TFG London and its brands Hobbs and Phase Eight reported their results a few days ago and now its Whistles chain has done likewise. And just like Phase Eight, it’s obviously faced some challenges in the year to late March 2025.

Whistles

The TFG-owned trio are moving in the right direction on many fronts but that doesn’t mean everything in the garden is rosy for contemporary womenswear label Whistles.

The company said that turnover during the year dropped to £57.7 million from £65.7 million and adjusted EBITDA dipped to £4.7 million from £5 million. Operating profit was down to £1.8 million from £2.5 million and profit after tax fell to £0.5 million from £0.9 million.

The company sells through its own stores, online and through department store concessions and operates both in the UK and internationally.
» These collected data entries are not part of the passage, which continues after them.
(* Let $k\geq 1$ be an integer and let $G$ be a graph of order $n$. If \[ \mu(G)>\frac{k-1}{2}+\sqrt{kn+\frac{(k+1)^2}{4}}, \] then $G$ contains $C_{2k+1}$ or $C_{2k+2}$ as a subgraph.
   Context: All graphs are finite and simple. $\mu(G)$ denotes the largest eigenvalue of the adjacency matrix of $G$. $C_r$ denotes the cycle on $r$ vertices. *)

From HB Require Import structures.
From mathcomp Require Import all_boot all_order all_algebra.
From mathcomp Require Import all_reals.
Set Implicit Arguments. Unset Strict Implicit. Unset Printing Implicit Defensive.
Import Order.TTheory GRing.Theory Num.Theory.
Local Open Scope ring_scope.

Definition simple_graph (n : nat) (e : rel 'I_n) : Prop :=
  symmetric e /\ irreflexive e.

Definition adj_mx (R : realType) (n : nat) (e : rel 'I_n) : 'M[R]_n :=
  \matrix_(i, j) (e i j)%:R.

Definition is_spectral_radius (R : realType) (n : nat) (e : rel 'I_n) (mu : R) : Prop :=
  eigenvalue (adj_mx R e) mu /\
  (forall a : R, eigenvalue (adj_mx R e) a -> a <= mu).

(* G contains the cycle C_r as a (not necessarily induced) subgraph:
   r distinct vertices v_0,...,v_{r-1} with v_i ~ v_{i+1 mod r}. *)
Definition contains_cycle (n : nat) (e : rel 'I_n) (r : nat) : Prop :=
  exists f : 'I_r -> 'I_n, injective f /\ forall i : 'I_r, e (f i) (f (ordS i)).

From HB Require Import structures.
From mathcomp Require Import all_boot all_order all_algebra.
From mathcomp Require Import all_reals.
From mathcomp Require Import zify ring lra.
From Stdlib Require Import Classical_Prop.
Set Implicit Arguments. Unset Strict Implicit. Unset Printing Implicit Defensive.
Import Order.TTheory GRing.Theory Num.Theory.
TFG noted a “steady performance for the year despite the ongoing challenging economic backdrop in the UK”. It added that Whistles grew its direct channel mix to 54.6% from 50% and while there was growth in its own channels, it underperformed in concessions where sales dropped 15% year on year. That reflects the performance at its stablemates Hobbs and Phase Eight with concessions also something of an issue for them during the year.

That was the main cause of Whistles’ 12% turnover drop, along with the fact that the company closed 19 stores while only opening five new ones. In fact, by the end of the financial year in the UK the company had 109 stores/concessions, down from 123 a year earlier.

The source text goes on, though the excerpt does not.